|Occupation||outlaw, Indian scout|
|Known for||guerilla leader, Cherokee civil war; outlaw|
Thomas Starr (1813–1890) was a Cherokee in the American West, who was declared an outlaw by his tribe in an internal conflict over treaties with the United States government. He was also involved in running whiskey into Indian Territory and rustling stock. Starr was the grandfather of Henry Starr and father in-law to Belle Starr, through her marriage to Sam Starr.
Starr's father was James Starr, a Cherokee leader and a signer of the Treaty of New Echota in December 1835. This treaty had a large impact on the unity and well being of the Cherokee Nation, and many tribal members disagreed with its signing. James Starr was targeted for assassination by Cherokee opposing the treaty, followers of the anti-Removal National Party led by John Ross, and on more than one occasion narrowly escaped death.

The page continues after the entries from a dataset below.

Lemma dist_le_walk x y m : walk e m x y -> exists2 m', dist e x y = Some m' & m' <= m.
Proof.
have short k : walk e k x y -> k < #|T| -> exists2 m', dist e x y = Some m' & m' <= k.
  move=> w lk; rewrite /dist; set f := find _ _.
  have lf : f <= k.
    rewrite leqNgt; apply/negP=> lkf.
    by have := before_find 0 lkf; rewrite nth_iota // w.
  by exists f; rewrite ?(leq_ltn_trans lf lk).
move=> w; have [m1 lm1 w1] := connect_walk (walk_connect w).
case: (ltnP m #|T|) => [lm | gm]; first exact: short.
have [m' dm lm'] := short _ w1 lm1.
by exists m'; rewrite ?(leq_trans lm' (ltnW (leq_trans lm1 gm))).
Qed.

Lemma dist_refl x : dist e x x = Some 0.
Proof. by have [[|m'] -> //] := @dist_le_walk x x 0 (eqxx x). Qed.

Lemma dist_eq0 x y : dist e x y = Some 0 -> x = y.
Proof. by case/dist_someP => /= /eqP. Qed.

Lemma dist_eq1 x y : dist e x y = Some 1 -> e x y.
Proof. by case/dist_someP; rewrite walk1. Qed.

Lemma dist_common_adj x y z : x != y -> ~~ e x y -> e x z -> e z y ->
  dist e x y = Some 2.
Proof.
move=> xy nxy exz ezy.
have w2 : walk e 2 x y by rewrite -walk1 in ezy; apply/existsP; exists z; rewrite exz.
have [[|[|[|m']]] dm //] := dist_le_walk w2.
  by move/dist_eq0: dm xy => ->; rewrite eqxx.
by move/dist_eq1: dm nxy => ->.
Qed.

Hypothesis irr : irreflexive e.

Lemma dist_adj x y : e x y -> dist e x y = Some 1.
Proof.
move=> exy; have w1 : walk e 1 x y by rewrite walk1.
have [[|[|m']] dm //] := dist_le_walk w1.
by move/dist_eq0: dm exy => ->; rewrite irr.
Qed.

Lemma dist2E x y : dist2 e x y = if x == y then 0 else if e x y then 1 else 2.
Proof.
rewrite /dist2; case: eqP => [->|xy]; first by rewrite dist_refl.
case: ifP => exy; first by rewrite dist_adj.
case dm: (dist e x y) => [[|[|m]]|] //; first by move/dist_eq0: dm.
by move/dist_eq1: dm; rewrite exy.
Qed.

End Distance.

Lemma dist_walk_dom (T T' : finType) (e : rel T) (e' : rel T') x y x' y' :
    (forall k, walk e k x y -> exists2 k', k' <= k & walk e' k' x' y') ->
  forall m, dist e x y = Some m -> exists2 m', dist e' x' y' = Some m' & m' <= m.
Proof.
move=> dom m /dist_someP[w _]; have [k' lk w'] := dom m w.
have [m' dm' lm'] := dist_le_walk w'.
by exists m'; rewrite ?(leq_trans lm' lk).
Qed.

Lemma eq_dist_walks (T T' : finType) (e : rel T) (e' : rel T') x y x' y' :
    (forall k, walk e k x y -> exists2 k', k' <= k & walk e' k' x' y') ->
    (forall k, walk e' k x' y' -> exists2 k', k' <= k & walk e k' x y) ->
  dist e x y = dist e' x' y'.
Proof.
move=> dom dom'; case d: (dist e x y) => [m|]; case d': (dist e' x' y') => [m'|] //.
- have [m1 d1 l1] := dist_walk_dom dom d; have [m2 d2 l2] := dist_walk_dom dom' d'.
  move: d1 d2 l1 l2; rewrite d d' => -[<-] [<-] l1 l2.
  by rewrite (@anti_leq m m') ?l1 ?l2.
- by have [m1] := dist_walk_dom dom d; rewrite d'.
- by have [m1] := dist_walk_dom dom' d'; rewrite d.
Qed.

Section GraphFacts.
Variables (T : finType) (e : rel T).

Lemma bipartite_walk_parity (f : T -> bool) :
    (forall x y, e x y -> f x != f y) ->
  forall m x y, walk e m x y -> f y = odd m (+) f x.
Proof.
move=> bip; elim=> [|m IHm] x y /=; first by move/eqP->.
case/existsP=> z /andP[exz /IHm->]; move: (bip _ _ exz).
by case: (f x); case: (f z); case: (odd m).
Qed.

Lemma bipartite_dist_adj_neq x y z :
  bipartite e -> connected_graph e -> e y z -> dist e x y != dist e x z.
Proof.
case=> f bip con eyz.
have [m _ /dist_le_walk[my dy _]] := connect_walk (con x y).
have [m' _ /dist_le_walk[mz dz _]] := connect_walk (con x z).
rewrite dy dz; apply: contra_neq (bip _ _ eyz) => [[myz]].
case/dist_someP: dy => /(bipartite_walk_parity bip)-> _.
by case/dist_someP: dz => /(bipartite_walk_parity bip)-> _; rewrite myz.
Qed.

Lemma connected_neighbour x :
  connected_graph e -> 1 < #|T| -> exists y, e x y.
Proof.
move=> con /card_gt1P[y1 [y2 [_ _ y12]]].
have [y xy] : exists2 y, x != y & true.
  by case: (eqVneq x y1) => [xy1|]; [exists y2; rewrite // xy1 | exists y1].
have [[|m] _] := connect_walk (con x y) => /=; first by rewrite (negbTE xy).
by case/existsP=> z /andP[exz _]; exists z.
Qed.

Lemma local_adj_gen_nonempty (B : {set T}) :
  nonempty_graph e -> local_adj_gen e B -> exists b, b \in B.
Proof.
case=> x [y exy] /forallP/(_ x)/forallP/(_ y)/implyP/(_ exy)/existsP[b /andP[bB _]].
by exists b.
Qed.

Lemma not_classG_basis :
  ~ classG e -> exists2 B, local_adj_basis e B & forall v, ~~ (B \subset open_nbhd e v).
Proof.
move=> notG; case: (boolP [exists B, [&& local_adj_gen e B, #|B| == ladim e &
    [forall v, ~~ (B \subset open_nbhd e v)]]]) => [/existsP[B /and3P[gB /eqP cB /forallP]]|].
  by exists B.
move/existsPn=> noB; case: notG => B [gB cB].
have /forallPn[v /negbNE sub] : ~~ [forall v, ~~ (B \subset open_nbhd e v)].
  by have := noB B; rewrite gB cB eqxx.
by exists v.
Qed.

Hypothesis irr : irreflexive e.

Lemma local_metric_genT : local_metric_gen e [set: T].
Proof.
apply/forallP=> x; apply/forallP=> y; apply/implyP=> exy; apply/existsP.
exists x; rewrite inE dist_refl; apply/eqP=> /esym/dist_eq0 xy.
by rewrite xy irr in exy.
Qed.

Lemma local_adj_genT : local_adj_gen e [set: T].
Proof.
apply/forallP=> x; apply/forallP=> y; apply/implyP=> exy; apply/existsP.
by exists x; rewrite inE !dist2E // eqxx exy; case: (eqVneq x y) exy => [->|]; rewrite ?irr.
Qed.

Lemma ldim_min S : local_metric_gen e S -> ldim e <= #|S|.
Proof. by rewrite /ldim; case: arg_minnP => [|S0 _]; [exact: local_metric_genT|apply]. Qed.

Lemma ldim_attained : exists2 S, local_metric_gen e S & #|S| = ldim e.
Proof. by rewrite /ldim; case: arg_minnP => [|S0]; [exact: local_metric_genT|exists S0]. Qed.

Lemma ladim_min B : local_adj_gen e B -> ladim e <= #|B|.
Proof. by rewrite /ladim; case: arg_minnP => [|B0 _]; [exact: local_adj_genT|apply]. Qed.

Lemma ladim_attained : exists2 B, local_adj_gen e B & #|B| = ladim e.
Proof. by rewrite /ladim; case: arg_minnP => [|B0]; [exact: local_adj_genT|exists B0]. Qed.

End GraphFacts.

Section LexicographicProduct.
Variables (n : nat) (G : rel 'I_n) (V : 'I_n -> finType) (E : forall i, rel (V i)).
Arguments E : clear implicits.
Hypotheses (symG : symmetric G) (irrG : irreflexive G).
Hypothesis irrE : forall i : 'I_n, irreflexive (E i).
Hypothesis neV : forall i : 'I_n, 0 < #|V i|.

Local Notation P := (lexprod G E).

Lemma lexprod_fibre i (a b : V i) : P (Tagged V a) (Tagged V b) = E i a b.
Proof. by rewrite /lexprod /= irrG eqxx tagged_asE. Qed.

Lemma lexprod_cross i k (a : V i) (b : V k) : i != k -> P (Tagged V a) (Tagged V b) = G i k.
Proof. by move=> ik; rewrite /lexprod /= (negbTE ik) orbF. Qed.

Lemma lexprod_irr : irreflexive P.
Proof. by case=> i a; rewrite lexprod_fibre irrE. Qed.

A violent series of confrontations eventually led to a Cherokee civil war. Treaty supporters, including the Starr family, James Starr and his six sons, opposed the Ross faction. In retaliation for the attempts on his father's life, Tom Starr became a guerilla leader in civil war activities. He was accused of attacking and murdering Ross supporter and trader, Benjamin Vore, and his family, at their home near Fort Gibson in 1843. In November 1845, James Starr and his son Buck were attacked at their home by thirty-two armed men and both were killed. Tom Starr witnessed the event but escaped and vowed to avenge the life of his father. The Ross faction of the Cherokee Nation placed a price on Starr's head, and declared him and his surviving brothers outlaw. At least 34 politically related murders were committed among the Cherokee in 1845 and 1846.

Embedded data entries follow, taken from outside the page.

Theorem mainTheorem5 (R : realType) (n k : nat) (nu : 'I_k -> R)
  (P : protocol k {ffun 'I_n -> bool}) :
  (1 <= n)%N -> (2 <= k)%N ->
  is_dist nu -> (forall i, 0 < nu i) ->
  disj_error nu P <= 2%:R / 100%:R ->
  exists (RT PT : finType) (pR : RT -> R) (mu : 'I_k -> PT -> R)
         (Lam : RT -> protocol k (bool * PT)),
    [/\ is_dist pR, (forall i, is_dist (mu i)),
        and_error pR mu Lam false <= 8%:R / 100%:R,
        and_error pR mu Lam true <= 8%:R / 100%:R &
        infoL nu P = \sum_(i < k) and_info pR mu Lam i].
Proof.
move=> n_ge1 k_ge2 nu_dist nu_gt0 P_err.
have i0 : 'I_k := Ordinal (leq_trans (ltn0Sn 1) k_ge2).
exists ('I_n * Assign n k)%type, (Bits n), (coin_law nu i0 (n := n)),
  (@priv_law R n k), (and_protocol P).
have err_avg : 2^-1 * err0 nu P + 2^-1 * err1 nu P <= 2%:R / 100%:R.
  by rewrite -disj_errorE.
have := err0_ge0 nu_dist P; have := err1_ge0 nu_dist P => err1_ge0 err0_ge0.
split.
- exact: dist_coin_law.
- exact: dist_priv_law.
- by apply: le_trans (and_error_zero_le nu_dist i0 P n_ge1) _; lra.
- by rewrite (and_error_one_eq nu_dist); lra.
- by apply: infoL_eq => // i; apply: lt0r_neq0.
Qed.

The internal Cherokee conflict ended with a formal truce in 1846. The resulting peace treaty between the two factions included a special clause pardoning citizens of the Cherokee Nation for offenses and crimes, and this pardon was extended to Tom Starr. Starr settled land in the southern portion of the Canadian District of the Cherokee Nation, near present-day Briartown, Oklahoma. The Starr brothers and their extended family used the base for a series of crimes, including arson and the theft of cattle, horses and supplies. Starr was alleged to have killed 100 men throughout his lifetime, although the figure is probably exaggerated. Starr also served in Confederate forces during the American Civil War as a scout for General Stand Watie and was acquainted with William Clark Quantrill.